The following exercise is an attempt to explore the Poisson probability distribution function as well as minor data clean-ups using pandas.

. . . . . . . . . . . . . . . . . . . . . . . . . . . . . . . . . . . . . . . . . . . . . . . . . . . . . 

<strong>Motivation for studying:</strong> I'm curious to know when the next big disaster caused by some tropical depression is about to happen in the Philippines.

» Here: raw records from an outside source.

Theorem theorem1 (V : Type) (adj : V -> V -> Prop) (M n : nat) (x0 : V)
  (Hsym : symmetric_graph adj) (Hconn : connected_graph adj)
  (Hunb : unbounded_graph adj)
  (Hfat : fat_bottlenecked adj M n)
  (f : V -> (V -> Prop))
  (Hf : forall x, is_block adj x0 M M (f x) /\ f x x) :
  skel_quasi_isometry adj x0 M M f.
Proof.
  assert (HM : 0 < M).
  { destruct M; [|lia]. destruct (Hf x0) as [[N [Hlayer _]] Hx0].
    destruct (layer_scale0 (Hlayer x0 Hx0)). }
  pose proof (exists_neighbor Hsym Hconn Hunb) as Hnb.
  pose proof (@block_diam V adj Hsym Hconn M n x0 HM Hfat) as Hdiam.
  set (C := n * (11 * M + 1) + 7 * M) in Hdiam.
  pose proof (skel_dist_bounds Hsym Hconn f Hf Hnb Hdiam) as Hbounds.
  assert (Hpick : forall B, is_block adj x0 M M B -> B (epsilon (inhabits x0) B)).
  { intros B [N [_ [[Hne _] _]]]. exact (epsilon_spec (inhabits x0) B Hne). }
  assert (Ha : (1 <= INR (C + 2))%R) by (apply (le_INR 1); lia).
  split.
  - exists (INR (C + 2)), (INR (C + 2)). split; [lra | split; [lra |]].
    intros x y. destruct (Hf x) as [Hbx Hx], (Hf y) as [Hby Hy].
    destruct (Hbounds _ _ _ _ Hbx Hx Hby Hy) as [Hs HD].
    exact (proj1 (coarse_bounds_INR C Hs HD)).
  - exists (fun B => epsilon (inhabits x0) B), (INR (C + 2)), (INR (C + 2)).
    split; [lra | split; [lra |]]. intros B B' HB HB'.
    destruct (Hbounds _ _ _ _ HB (Hpick B HB) HB' (Hpick B' HB')) as [Hs HD].
    exact (proj2 (coarse_bounds_INR C Hs HD)).
Qed.
Lemma gauss_sum_gt0 : exists2 r : R, 0 < r & gauss_sum = r%:C.
Proof.
rewrite gauss_sum_prod (_ : (2 * k = k + k)%N); last by lia.
rewrite big_split_ord /= -big_split /=.
under eq_bigr => t _ do rewrite mul_two_i.
rewrite -rmorph_prod; eexists; last by [].
apply: prodr_gt0 => t _; rewrite !mulr_gt0 ?sin_odd_gt0 //.
by rewrite oppr_gt0 sin_odd_lt0.
Qed.

Variable c : 'F_p.
Hypothesis c2 : c ^+ 2 = -1.

Lemma gauss_sum_sqr : gauss_sum ^+ 2 = p%:R.
Proof.
have c_neq0 := sqr_eqN1_neq0 c2.
have inner n : \sum_(m : 'F_p) e (n ^+ 2) * e (m ^+ 2) =
    \sum_(t : 'F_p) e (- t ^+ 2) * e ((- (2%:R * t)) * n).
  rewrite (reindex_inj (h := fun t => c * (n + t))) /=; last first.
    by move=> u v /(mulfI c_neq0) /addrI.
  by apply: eq_bigr => t _; rewrite -!etaFD //; congr e; rewrite exprMn c2; ring.
rewrite expr2 /gauss_sum mulr_suml.
under eq_bigr => n _ do rewrite mulr_sumr inner.
rewrite exchange_big /=.
under eq_bigr => t _ do rewrite -mulr_sumr sum_etaFM //.
rewrite (bigD1 0) //= big1 ?addr0; last first.
  by move=> t t0; rewrite oppr_eq0 mulf_eq0 (negbTE Fp_two_neq0) (negbTE t0) mulr0.
by rewrite mulr0 oppr0 eqxx expr0n /= oppr0 etaF0 mul1r.
Qed.

Lemma gauss_sum_sqrt : gauss_sum = (Num.sqrt (p%:R : R))%:C.
Proof.
have [r r_gt0 Gr] := gauss_sum_gt0.
move: gauss_sum_sqr; rewrite Gr -rmorphXn -(rmorph_nat (real_complex R)) => /complexI <-.
by rewrite sqrtr_sqr ger0_norm // ltW.
Qed.

Local Notation F := (@DFT R p).

Lemma DFT_chirp m : F (fun n => e (h * c * n ^+ 2)) m = e (h * c * m ^+ 2).
Proof.
(* n |-> n + c m completes the square, and ((1 + c) / 2)^2 = c / 2 turns what
   is left into the Gauss sum. *)
have u_neq0 : (1 + c) * h != 0.
  have u_sqr : ((1 + c) * h) ^+ 2 = h * c by field: c2; exact: Fp_two_neq0.
  by rewrite -sqrf_eq0 u_sqr mulf_neq0 ?invr_eq0 ?Fp_two_neq0 ?sqr_eqN1_neq0.
have sqrt_neq0 : Num.sqrt (p%:R : R) != 0 by rewrite sqrtr_eq0 -ltNge ltr0n prime_gt0.
rewrite /DFT.
suff -> : \sum_n e (m * n) * e (h * c * n ^+ 2) = e (h * c * m ^+ 2) * gauss_sum.
  by rewrite gauss_sum_sqrt mulrCA -rmorphM /= mulVf // mulr1.
rewrite /gauss_sum mulr_sumr [RHS](reindex_inj (mulfI u_neq0)).
rewrite [LHS](reindex_inj (addIr (c * m))) /=; apply: eq_bigr => n _.
by rewrite -!etaFD //; congr e; field: c2; exact: Fp_two_neq0.
Qed.

Lemma DFT_shifted_chirp j m :
  F (fun n => e (c * (j - n) ^+ 2 - h * c * n ^+ 2)) m =
  e (- (c * j ^+ 2) + 2 * j * m + h * c * m ^+ 2).
Proof.
pose g n := e (c * j ^+ 2) * (e (- (2 * c * j) * n) * e (h * c * n ^+ 2)).
rewrite (@eq_DFT _ _ _ g) => [|n]; last first.
  by rewrite /g -!etaFD //; congr e; field; exact: Fp_two_neq0.
rewrite /g DFT_scale DFT_modulate // DFT_chirp -etaFD //.
by congr e; field: c2; exact: Fp_two_neq0.
Qed.

End GaussSum.

Section Eigenvectors.
Variables (R : realType) (p : nat).
Hypotheses (p_pr : prime p) (p_mod4 : (p %% 4 = 1)%N).
Variable a : 'F_p.
Hypothesis a_prim : (p.-1).-primitive_root a.
Local Notation e := (@etaF R p).
Local Notation k := (p.-1 %/ 4)%N.
Local Notation c := (a ^+ k).
Local Notation h := ((2%:R : 'F_p)^-1).
Local Notation theta := (expi R p.-1).
Local Notation sq := (Num.sqrt (p%:R : R)).

Let k_gt0 : (0 < k)%N.
Proof. by have := prime_gt1 p_pr; lia. Qed.

Let p_pred_gt0 : (0 < p.-1)%N.
Proof. by have := prime_gt1 p_pr; lia. Qed.

Lemma prim_root_quarter_sqr : c ^+ 2 = -1.
Proof.
set y := c ^+ 2.
have y_sqr : y ^+ 2 = 1.
  by rewrite /y -!exprM -(prim_expr_order a_prim); congr (_ ^+ _); lia.
have y_neq1 : y != 1.
  by rewrite /y -exprM -(expr0 a) (eq_prim_root_expr a_prim) mod0n modn_small; lia.
have : (y - 1) * (y + 1) == 0 by rewrite -subr_sqr expr1n y_sqr subrr.
by rewrite mulf_eq0 subr_eq0 (negbTE y_neq1) addr_eq0 => /eqP.
Qed.

Lemma expi_quarter : theta ^+ k = 'i.
Proof.
have E : p.-1 = (4 * k)%N by have := p_eq_quarter p_pr p_mod4; lia.
by have := expi_expr_quarter R k_gt0; rewrite -E.
Qed.

Lemma expi_dlog i : theta ^+ dlog a (a ^+ i) = theta ^+ i.
Proof.
have a_neq0 : a != 0 by rewrite (prim_root_eq0 a_prim) -lt0n.
have /eqP := dlogK p_pr a_prim (expf_neq0 i a_neq0).
rewrite (eq_prim_root_expr a_prim) => /eqP dlog_mod.
by rewrite -expi_expr_mod // dlog_mod expi_expr_mod.
Qed.

Lemma DFT_phix0 m : DFT (phix R a 0) m = phix R a 0 m.
Proof.
rewrite (@eq_DFT _ _ _ (fun n => sq^-1%:C * e (h * c * n ^+ 2))) // DFT_scale.
by rewrite (DFT_chirp R p_pr p_mod4 prim_root_quarter_sqr).
Qed.

Variable x : nat.
Hypothesis x_gt0 : (0 < x)%N.
Local Notation chi j := (theta ^+ (x * dlog a j)).
Local Notation K := ((Num.sqrt ((p * p.-1)%:R : R))^-1%:C).
Local Notation psi m :=
  (K * \sum_(j : 'F_p | j != 0) chi j * e (- (c * j ^+ 2) + 2 * j * m + h * c * m ^+ 2)).

Lemma chiM_prim_root j : j != 0 -> chi (c * j) = 'i ^+ x * chi j.
Proof.
move=> j_neq0; rewrite -{1}(dlogK p_pr a_prim j_neq0) -exprD mulnC exprM expi_dlog.
by rewrite exprD expi_quarter exprMn -exprM mulnC.
Qed.

Lemma phixE n : phix R a x n =
  K * \sum_(j : 'F_p | j != 0) chi j * e (c * (j - n) ^+ 2 - h * c * n ^+ 2).
Proof. by rewrite /phix eqn0Ngt x_gt0. Qed.

Lemma DFT_phix m : DFT (phix R a x) m = psi m.
Proof.
rewrite (eq_DFT phixE) DFT_scale DFT_sum; congr (_ * _); apply: eq_bigr => j _.
by rewrite DFT_scale (DFT_shifted_chirp R p_pr p_mod4 prim_root_quarter_sqr).
Qed.

Lemma phix_rotate m : phix R a x m = 'i ^+ x * psi m.
Proof.
have c_neq0 := sqr_eqN1_neq0 prim_root_quarter_sqr.
rewrite phixE [RHS]mulrCA; congr (_ * _).
rewrite mulr_sumr [LHS](reindex_inj (mulfI c_neq0)) /=.
rewrite (eq_bigl (fun j => j != 0)) => [|j]; last by rewrite mulf_eq0 negb_or c_neq0.
apply: eq_bigr => j j_neq0; rewrite chiM_prim_root // [RHS]mulrA; congr (_ * e _).
by field: prim_root_quarter_sqr; exact: Fp_two_neq0.
Qed.

End Eigenvectors.

Unset Implicit Arguments.

Theorem theorem4 (R : realType) (p : nat) (a : 'F_p) (x : nat) :
  prime p -> (p %% 4 = 1)%N -> (p.-1).-primitive_root a -> (x < p)%N ->
  @DFT R p (@phix R p a x) = (fun n => (- imagC R) ^+ x * @phix R p a x n).
Proof.
move=> p_pr p_mod4 a_prim _; apply: boolp.funext => m.
case: (posnP x) => [->|x_gt0]; first by rewrite expr0 mul1r DFT_phix0.
have i_inv : - imagC R * 'i = 1 by apply/eqP; rewrite eq_complex /=; simpc.
by rewrite DFT_phix // phix_rotate // [RHS]mulrA -exprMn i_inv expr1n mul1r.
Qed.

<strong>Why the Poisson model?</strong> The Poisson distribution is also referred to as a limiting case of the Binomial model, which ascertains the probability of success or occurrence of an event, p, given a certain number of Bernoulli trials, n. Each "trial" may also refer to intervals of time, say years, hours or seconds. In this regard, in situations wherein the occurrence of the event in question is rare across many, many trials (or years, for example), using the Poisson model is easier. Thus, as n approaches infinity and as p becomes very small, we could use a different variable to denote the rate or number of occurrences of the desired event by multiplying n with p. More formally, this is the lambda used in the probability distribution function of the Poisson model.

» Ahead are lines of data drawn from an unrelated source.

(* Let $X$ be a Tychonoff space and let $\mathcal{H}$ be a subspace with $\mathcal{F}_2(X)\subset\mathcal{H}\subset\mathcal{K}(X)$. Then the following are equivalent: (a) $X$ is a $P$-space; (b) $\mathcal{H}$ is a $P$-space; (c) $\mathcal{H}$ is an $F'$-space.
   Context: For a $T_1$ space $X$, $\mathcal{K}(X)$ is the set of nonempty compact subsets of $X$ with the Vietoris topology (generated by $U^+=\{A: A\subset U\}$ and $U^-=\{A: A\cap U\neq\emptyset\}$ for $U$ open in $X$), and $\mathcal{F}_n(X)\subset\mathcal{K}(X)$ is the subspace of nonempty subsets with at most $n$ points. A point $p$ is a $P$-point of $X$ if $p$ lies in the interior of every $G_\delta$ set containing it; $X$ is a $P$-space if all its points are $P$-points. A cozero set is the complement of the zero set $f^{-1}(0)$ of a continuous real-valued function $f$. An $F'$-space is a Tychonoff space in which any two disjoint cozero sets have disjoint closures. *)

From HB Require Import structures.
From mathcomp Require Import all_boot all_order all_algebra.
From mathcomp Require Import all_classical all_reals all_analysis.
Set Implicit Arguments. Unset Strict Implicit. Unset Printing Implicit Defensive.
Import Order.TTheory GRing.Theory Num.Theory.
Import numFieldTopology.Exports.
Local Open Scope classical_set_scope.
Local Open Scope ring_scope.

Definition Gdelta {T : topologicalType} (G : set T) : Prop :=
  exists U : nat -> set T, (forall n, open (U n)) /\ G = \bigcap_n U n.

Definition P_point {T : topologicalType} (p : T) : Prop :=
  forall G : set T, Gdelta G -> G p -> (G°) p.

Definition P_space (T : topologicalType) : Prop := forall p : T, P_point p.

Definition tychonoff_space (R : realType) (T : topologicalType) : Prop :=
  accessible_space T /\
  forall (x : T) (B : set T), closed B -> ~ B x ->
    exists f : T -> R, continuous f /\ f x = 0 /\ (forall b, B b -> f b = 1).

Definition cozero_set (R : realType) {T : topologicalType} (C : set T) : Prop :=
  exists f : T -> R, continuous f /\ C = ~` (f @^-1` [set 0]).

Definition F'_space (R : realType) (T : topologicalType) : Prop :=
  tychonoff_space R T /\
  forall C1 C2 : set T, cozero_set R C1 -> cozero_set R C2 ->
    C1 `&` C2 = set0 -> closure C1 `&` closure C2 = set0.

(** The type of (all) subsets of X, to be equipped with the Vietoris
    topology generated by U^+ and U^- for U open in X. K(X) and F_n(X)
    are then subsets of this space, with the subspace topology. *)
Definition hyperspace (X : topologicalType) : Type := set X.

Section Vietoris.
Context (X : topologicalType).

HB.instance Definition _ := Choice.copy (hyperspace X) (set X).
HB.instance Definition _ := Pointed.copy (hyperspace X) (set X).

Definition upper (U : set X) : set (hyperspace X) := [set A | A `<=` U].
Definition lower (U : set X) : set (hyperspace X) := [set A | A `&` U !=set0].

Definition vietoris_subbase (i : bool * set X) : set (hyperspace X) :=
  if i.1 then upper i.2 else lower i.2.

HB.instance Definition _ :=
  isSubBaseTopological.Build (hyperspace X)
    (fun i : bool * set X => open i.2) vietoris_subbase.

End Vietoris.

Definition Kspace (X : topologicalType) : set (hyperspace X) :=
  [set A : hyperspace X | A !=set0 /\ compact A].

Definition Fspace (X : topologicalType) (n : nat) : set (hyperspace X) :=
  [set A : hyperspace X | A !=set0 /\
     exists s : seq X, (size s <= n)%N /\ A `<=` [set x | x \in s]].
Arguments Kspace : clear implicits.
Arguments Fspace : clear implicits.
Arguments F'_space : clear implicits.
Arguments tychonoff_space : clear implicits.
Arguments P_space : clear implicits.

From HB Require Import structures.
From mathcomp Require Import all_boot all_order all_algebra.
From mathcomp Require Import all_classical all_reals all_analysis.
From mathcomp Require Import finmap ring lra.
Set Implicit Arguments. Unset Strict Implicit. Unset Printing Implicit Defensive.
Import Order.TTheory GRing.Theory Num.Theory.
Import numFieldTopology.Exports.
Local Open Scope classical_set_scope.
Local Open Scope ring_scope.

(** In a T1 P-space every countable set is closed, so an injective sequence in
    a compact set could have no cluster point: compact sets are finite.  At a
    finite set A, countably many Vietoris conditions on A reduce to one upper
    condition and one lower condition per point of A, each a countable
    intersection of open sets; hence the hyperspace is a P-space when X is,
    and it is Tychonoff because X has a base of clopen sets.  P-spaces are
    F'-spaces since their cozero sets are clopen.
    Conversely, X embeds in H through singletons.  If p is not a P-point of X,
    there is a continuous g >= 0 with g p = 0 whose zero set is not a
    neighbourhood of p; then u A = 2 min_A g - max_A g is positive at {x} and
    negative at {p, x} whenever g x > 0, so the disjoint cozero sets
    {u > 0} and {u < 0} of H both accumulate at {p}. *)

Section P_points.
Context {T : topologicalType}.

Lemma P_pointP (p : T) : P_point p <->
  forall U : nat -> set T, (forall n, nbhs p (U n)) -> nbhs p (\bigcap_n U n).
Proof.
split=> [Pp U pU|Pp G [U [oU ->]] Gp].
  have /choice[V /all_and3[oV Vp VU]] : forall n, exists V : set T,
      [/\ open V, V p & V `<=` U n].
    by move=> n; have := pU n; rewrite nbhsE => -[V [oV Vp] VU]; exists V.
  apply: filterS (Pp (\bigcap_n V n) _ _) => [x Vx n _|//|n _ //].
    exact/VU/Vx.
  by exists V.
by apply: Pp => n; apply: open_nbhs_nbhs; split; [exact: oU|exact: Gp].
Qed.

Lemma P_point_bigcap (p : T) (I : Type) (D : set I) (F : I -> set T) :
  P_point p -> countable D -> (forall i, D i -> nbhs p (F i)) ->
  nbhs p (\bigcap_(i in D) F i).
Proof.
move=> /P_pointP Pp /countable_injP[f finj] pF.
pose U n := \bigcap_(i in D `&` [set i | f i = n]) F i.
apply: filterS (Pp U _) => [x Ux i Di|n]; first by apply: (Ux (f i)).
have [[i [Di fin]]|noi] := pselect (exists i, D i /\ f i = n).
  apply: filterS (pF i Di) => x Fix j [Dj fjn].
  suff -> : j = i by [].
  by apply: finj; [exact: mem_set|exact: mem_set|rewrite fjn].
by apply: nearW => x j [Dj fjn]; case: noi; exists j.
Qed.

Lemma P_space_bigcap_open (I : Type) (D : set I) (F : I -> set T) :
  P_space T -> countable D -> (forall i, D i -> open (F i)) ->
  open (\bigcap_(i in D) F i).
Proof.
move=> PT cD oF; rewrite openE => x Fx; apply: P_point_bigcap => // i Di.
by apply: open_nbhs_nbhs; split; [exact: oF|exact: Fx].
Qed.

End P_points.

Lemma P_point_initial {S T : topologicalType} (f : S -> T) (p : S) :
  continuous f ->
  (forall U, nbhs p U -> exists2 V, nbhs (f p) V & f @^-1` V `<=` U) ->
  P_point (f p) -> P_point p.
Proof.
move=> cf finit /P_pointP Pfp; apply/P_pointP => U pU.
have /choice[V /all_and2[fpV VU]] : forall n, exists V,
    nbhs (f p) V /\ f @^-1` V `<=` U n.
  by move=> n; have [V ? ?] := finit _ (pU n); exists V.
have pV : nbhs p (f @^-1` \bigcap_n V n) by apply: cf; exact: Pfp.
by apply: filterS pV => x Vx n _; exact/VU/Vx.
Qed.

Section real_functions.
Context {R : realType} {T : topologicalType}.

Lemma has_sup_image (U : Type) (g : U -> R) (M : R) (A : set U) :
  A !=set0 -> (forall x, g x <= M) -> has_sup (g @` A).
Proof. by move=> [a Aa] gM; split; [exists (g a), a|exists M => _ [x _ <-]]. Qed.

Lemma has_sup_natSinv (c : nat -> R) :
  (forall n, 0 <= c n <= n.+1%:R^-1) -> has_sup (range c).
Proof.
move=> c_bnd; apply: (has_sup_image (M := 1)) => [|n]; first by exists 0%N.
by apply: le_trans (andP (c_bnd n)).2 _; rewrite invf_le1 // ler1n.
Qed.

Lemma uniform_approx_continuous (g : T -> R) :
  (forall e : R, 0 < e ->
    exists2 h : T -> R, continuous h & forall x, `|g x - h x| < e) ->
  continuous g.
Proof.
move=> approx x; apply/(@cvgrPdist_lt _ R^o) => e e0.
have e3 : 0 < e / 3 by rewrite divr_gt0.
have [h ch hg] := approx _ e3.
have /(@cvgrPdist_lt _ R^o) /(_ _ e3) := ch x.
apply: filterS => y hxy.
have -> : g x - g y = (g x - h x) + (h x - h y) + (h y - g y) by ring.
have := hg x; have := hg y; rewrite distrC => hgy hgx.
have := ler_normD (g x - h x + (h x - h y)) (h y - g y).
have := ler_normD (g x - h x) (h x - h y); lra.
Qed.

Lemma continuous_sup_seq (c : nat -> T -> R) :
  (forall n, continuous (c n)) ->
  (forall n x, 0 <= c n x <= n.+1%:R^-1) ->
  continuous (fun x => sup (range (c ^~ x))).
Proof.
move=> c_cont c_bnd.
have sup_ge n x : c n x <= sup (range (c ^~ x)).
  by apply: (sup_upper_bound (has_sup_natSinv (c_bnd ^~ x))); exists n.
pose cmax s x := \big[Num.max/0]_(n <- s) c n x.
have cmax_ge0 s x : 0 <= cmax s x.
  rewrite /cmax; elim/big_ind: _ => // [a b a0 _|n _]; first by rewrite le_max a0.
  exact: (andP (c_bnd n x)).1.
have cmax_cont s : continuous (cmax s).
  elim: s => [|n s IH].
    have -> : cmax [::] = fun=> 0 by apply/funext => x; rewrite /cmax big_nil.
    exact: cst_continuous.
  have -> : cmax (n :: s) = fun x => Num.max (c n x) (cmax s x).
    by apply/funext => x; rewrite /cmax big_cons.
  by move=> x; apply: continuous_max; [exact: c_cont|exact: IH].
apply: uniform_approx_continuous => e e0.
have [N _ /(_ N (leqnn N)) /= Ne] := near_infty_natSinv_lt (PosNum e0).
exists (cmax (iota 0 N)) => // x.
have max_le : cmax (iota 0 N) x <= sup (range (c ^~ x)).
  apply: bigmax_le => [|n _]; last exact: sup_ge.
  exact: le_trans (andP (c_bnd 0%N x)).1 (sup_ge _ _).
have sup_le : sup (range (c ^~ x)) <= cmax (iota 0 N) x + N.+1%:R^-1.
  apply: ge_sup; first by exists (c 0%N x), 0%N.
  move=> _ [n _ <-]; have [nN|Nn] := ltnP n N.
    apply: (@le_trans _ _ (cmax (iota 0 N) x)); last by rewrite lerDl invr_ge0.
    by apply: le_bigmax_seq => //; rewrite mem_iota.
  apply: le_trans (andP (c_bnd n x)).2 _; apply: (@le_trans _ _ N.+1%:R^-1).
    by rewrite lef_pV2 ?posrE ?ltr0n // ler_nat.
  by rewrite lerDr cmax_ge0.
by rewrite ger0_norm ?subr_ge0 //; apply: le_lt_trans Ne; rewrite lerBlDl.
Qed.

Below is the PDF of the Poisson distribution:
$$p(x) = \frac{e^{-\lambda}\lambda^x}{x!}$$

To use the Poisson model, we need to make sure that the following assumptions hold true in this particular scenario we want to forecast:
1. All events must be independent of each other.
2. The probability of success or occurrence of an event is constant.
3. As the interval becomes smaller and smaller, the probability of success or occurrence becomes zero.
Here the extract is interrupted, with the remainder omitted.